BP Azerbaijan said a “small” oil leak had been found at Ceyhan, which led to operations being halted, and had been stopped.  

After Monday’s earthquake, Iraq’s Kurdistan Regional Government halted flows through the pipeline it operates that runs from Iraq’s northern Kirkuk fields to Ceyhan, the region’s ministry of natural resources said. 

The KRG had been pumping 400,000 bpd and Iraq’s federal government was pumping 75,000 bpd through the pipeline, an oil industry source told Reuters. 

Oil exports will resume after a “careful inspection of the pipelines is finalized,” the MNR said in a statement. 

Most upstream oil producers have several days of storage capacity, so KRG production should continue in the near term, the oil industry source added. 

The eastern Mediterranean terminal of Ceyhan is some 155 km from the area of the magnitude 7.8 quake which struck southern Turkiye and northwest Syria early on Monday, killing more than 2,400 people across a swathe of the two countries as buildings collapsed. 

It was the worst tremor to strike Turkiye this century and was followed in the early afternoon by another large quake of magnitude 7.7. 

Turkiye’s state pipeline operator BOTAS said natural gas flows were halted to Gaziantep, Hatay and Kahramanmaras provinces and some other districts as a result of damage to a gas transmission line. 

BP reiterates equal spending on hydrocarbons, energy transition by 2030

BP reiterated on Tuesday plans to equally divide its spending by 2030 between its oil and gas and energy transition businesses, increasing the total budget to up to $18 billion from a previously guided upper range of $16 billion.
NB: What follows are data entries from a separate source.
From Pilot Require Import Defs.
From HB Require Import structures.
From mathcomp Require Import all_boot.
From Stdlib Require Import Reals Lra Psatz ClassicalEpsilon FunctionalExtensionality Classical.
Set Implicit Arguments. Unset Strict Implicit.
Open Scope R_scope.

(* Write K = A1(K0) = A2(K1) with K0, K1 bodies of revolution about the lines
   spanned by u, u1, and let N = A2^-1 A1, so that K0 x <-> K1 (N x).  A point x
   lies in K0 iff its height s = <x,u> is admissible and its squared distance
   perp2 u x to the axis is at most rad0(s)^2; likewise through N with the
   height t = <x,nu> = <N x,u1>.  The hyperplanes differ, so nu is not parallel
   to u, and since n >= 3 there is z <> 0 orthogonal to u and nu.  Moving along
   z fixes both heights; comparing the two descriptions of a chord in direction
   z gives an exact identity between the two radius functions (chord_identity).
   Moving along a direction d with <d,u> = 1, <d,nu> = 0 then shows that
   kappa * rad0(s)^2 is locally, hence globally, a quadratic polynomial
   g0 + curv * s^2 in s, so K0 is the quadric
      kappa * perp2 u x - curv * <x,u>^2 <= g0      (with curv < 0 < g0),
   an ellipsoid; its image K under A1 is then an ellipsoid too. *)

Lemma RplusA : associative Rplus. Proof. move=> x y z; ring. Qed.
Lemma RplusC : commutative Rplus. Proof. move=> x y; ring. Qed.
Lemma Rplus0l : left_id 0 Rplus. Proof. move=> x; ring. Qed.
HB.instance Definition _ := Monoid.isComLaw.Build R 0 Rplus RplusA RplusC Rplus0l.

Lemma sum_split n (F G : 'I_n -> R) :
  \big[Rplus/0]_(i < n) (F i + G i) = \big[Rplus/0]_(i < n) F i + \big[Rplus/0]_(i < n) G i.
Proof. by rewrite big_split. Qed.

Lemma sum_scal n a (F : 'I_n -> R) :
  \big[Rplus/0]_(i < n) (a * F i) = a * \big[Rplus/0]_(i < n) F i.
Proof. by symmetry; apply: (big_morph (fun x => a * x)) => [x y|]; ring. Qed.

Lemma sum_ext n (F G : 'I_n -> R) : (forall i, F i = G i) ->
  \big[Rplus/0]_(i < n) F i = \big[Rplus/0]_(i < n) G i.
Proof. by move=> H; apply: eq_bigr => i _; apply: H. Qed.

Lemma sum_delta n (F : 'I_n -> R) (j : 'I_n) :
  \big[Rplus/0]_(i < n) (if i == j then F i else 0) = F j.
Proof. by rewrite (bigD1 j) //= eqxx big1 ?Rplus_0_r // => i /negbTE ->. Qed.

Lemma sum_ge_term n (F : 'I_n -> R) (j : 'I_n) : (forall i, 0 <= F i) ->
  F j <= \big[Rplus/0]_(i < n) F i.
Proof.
  move=> H; rewrite (bigD1 j) //=.
  have : 0 <= \big[Rplus/0]_(i < n | i != j) F i.
  { by apply: (big_ind (fun x => 0 <= x)) => [|x y|i _]; [lra | lra | apply: H]. }
  move: (\big[Rplus/0]_(i < n | i != j) F i) => S; lra.
Qed.

Definition ebas n (j : 'I_n) : vec n := fun i => if i == j then 1 else 0.
Definition vzero n : vec n := fun _ => 0.

Lemma dot_addl n (x y w : vec n) : dot (vadd x y) w = dot x w + dot y w.
Proof. by rewrite /dot -sum_split; apply: sum_ext => i; rewrite /vadd; ring. Qed.
Lemma dot_scall n a (x w : vec n) : dot (vscale a x) w = a * dot x w.
Proof. by rewrite /dot -sum_scal; apply: sum_ext => i; rewrite /vscale; ring. Qed.
Lemma dotC n (x y : vec n) : dot x y = dot y x.
Proof. by rewrite /dot; apply: sum_ext => i; ring. Qed.
Lemma dot_addr n (x y w : vec n) : dot w (vadd x y) = dot w x + dot w y.
Proof. by rewrite dotC dot_addl (dotC x) (dotC y). Qed.
Lemma dot_scalr n a (x w : vec n) : dot w (vscale a x) = a * dot w x.
Proof. by rewrite dotC dot_scall dotC. Qed.
Lemma dot_oppl n (x w : vec n) : dot (vopp x) w = - dot x w.
Proof.
  have -> : vopp x = vscale (-1) x.
  { by apply: functional_extensionality => i; rewrite /vopp /vscale; ring. }
  by rewrite dot_scall; ring.
Qed.
Lemma dot_subl n (x y w : vec n) : dot (vsub x y) w = dot x w - dot y w.
Proof.
  have -> : vsub x y = vadd x (vscale (-1) y).
  { by apply: functional_extensionality => i; rewrite /vsub /vadd /vscale; ring. }
  by rewrite dot_addl dot_scall; ring.
Qed.
Lemma dot_subr n (x y w : vec n) : dot w (vsub x y) = dot w x - dot w y.
Proof. by rewrite dotC dot_subl (dotC x) (dotC y). Qed.
Lemma dot_ebas n (w : vec n) j : dot (ebas j) w = w j.
Proof.
  rewrite /dot (eq_bigr (fun i => if i == j then w i else 0)) ?sum_delta //.
  by move=> i _; rewrite /ebas; case: (i == j); ring.
Qed.

Lemma dot_ge_sq n (x : vec n) j : x j * x j <= dot x x.
Proof. by apply: (@sum_ge_term n (fun i => x i * x i) j) => i; nra. Qed.
Lemma dot_ge0 n (x : vec n) : 0 <= dot x x.
Proof.
  by rewrite /dot; apply: (big_ind (fun x => 0 <= x)) => [|a b|i _]; [lra | lra | nra].
Qed.
Lemma dot_pos n (x : vec n) : (exists i, x i <> 0) -> 0 < dot x x.
Proof.
  move=> [i Hi]; have := dot_ge_sq x i.
  have : 0 < x i * x i by nra.
  lra.
Qed.
Lemma dot_zero n (v : vec n) : dot v v = 0 -> v = @vzero n.
Proof.
  by move=> H; apply: functional_extensionality => i; have := dot_ge_sq v i; rewrite /vzero; nra.
Qed.

Definition linf n (l : vec n -> R) : Prop :=
  (forall x y, l (vadd x y) = l x + l y) /\ (forall a x, l (vscale a x) = a * l x).

Lemma linf_repr n (l : vec n -> R) : linf l ->
  forall x, l x = \big[Rplus/0]_(j < n) (x j * l (ebas j)).
Proof.
  move=> [Ha Hs] x.
  have Hx : x = \big[@vadd n/@vzero n]_(j < n) vscale (x j) (ebas j).
  { apply: functional_extensionality => i.
    rewrite (big_morph (fun v : vec n => v i) (id1 := 0) (op1 := Rplus)) //.
    rewrite /vscale /ebas (eq_bigr (fun j => if j == i then x j else 0)) ?sum_delta //.
    by move=> j _; case E: (i == j); rewrite eq_sym E; ring. }
  have H0 : l (@vzero n) = 0.
  { have -> : @vzero n = vscale 0 (@vzero n).
    { by apply: functional_extensionality => i; rewrite /vscale /vzero; ring. }
    by rewrite Hs; ring. }
  rewrite {1}Hx (big_morph l (id1 := 0) (op1 := Rplus) Ha H0).
  by apply: eq_bigr => j _; rewrite Hs.
Qed.

Lemma linf_dot n (l : vec n -> R) : linf l -> exists nu, forall x, l x = dot x nu.
Proof. by move=> Hl; exists (fun j => l (ebas j)) => x; rewrite (linf_repr Hl x). Qed.

Lemma lin_add n A (x y : vec n) : lin A (vadd x y) = vadd (lin A x) (lin A y).
Proof.
  by apply: functional_extensionality => i; rewrite /lin /vadd -sum_split; apply: sum_ext => j; ring.
Qed.
Lemma lin_scal n A a (x : vec n) : lin A (vscale a x) = vscale a (lin A x).
Proof.
  by apply: functional_extensionality => i; rewrite /lin /vscale -sum_scal; apply: sum_ext => j; ring.
Qed.
Lemma lin_zero n A : lin A (@vzero n) = @vzero n.
Proof.
  have -> : @vzero n = vscale 0 (@vzero n).
  { by apply: functional_extensionality => i; rewrite /vscale /vzero; ring. }
  by rewrite lin_scal; apply: functional_extensionality => i; rewrite /vscale /vzero; ring.
Qed.

Definition mat_of n (F : vec n -> vec n) : 'I_n -> 'I_n -> R := fun i j => F (ebas j) i.

Lemma mat_of_lin n (F : vec n -> vec n) :
  (forall x y, F (vadd x y) = vadd (F x) (F y)) -> (forall a x, F (vscale a x) = vscale a (F x)) ->
  forall x, lin (mat_of F) x = F x.
Proof.
  move=> Ha Hs x; apply: functional_extensionality => i.
  have Hl : linf (fun v => F v i) by split=> [v w|a v]; [rewrite Ha | rewrite Hs].
  by rewrite (linf_repr Hl x) /lin /mat_of; apply: sum_ext => j; ring.
Qed.

Lemma vnorm_le n (v : vec n) r : 0 <= r -> (vnorm v <= r <-> dot v v <= r * r).
Proof.
  move=> Hr; rewrite /vnorm; have H0 := dot_ge0 v; split => H.
  - have : sqrt (dot v v) * sqrt (dot v v) <= r * r.
    { by apply: Rmult_le_compat => //; apply: sqrt_pos. }
    by rewrite sqrt_sqrt.
  - by rewrite -(sqrt_square r) //; apply: sqrt_le_1_alt; lra.
Qed.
It also said it would produce more oil and gas for longer than previously guided, foreseeing a reduction in its hydrocarbon output of around 25 percent by 2030 compared with 2019, down from a previous forecast of a 40 percent reduction.

“We need continuing near-term investment into today’s energy system — which depends on oil and gas — to meet today’s demands and to make sure the transition is an orderly one,” CEO Bernard Looney said.

BP’s transition businesses include bioenergy, convenience retail shops, electric vehicle charging, renewables and hydrogen, taking up around 30 percent of the budget currently compared with 3 percent in 2019, a spokesperson said.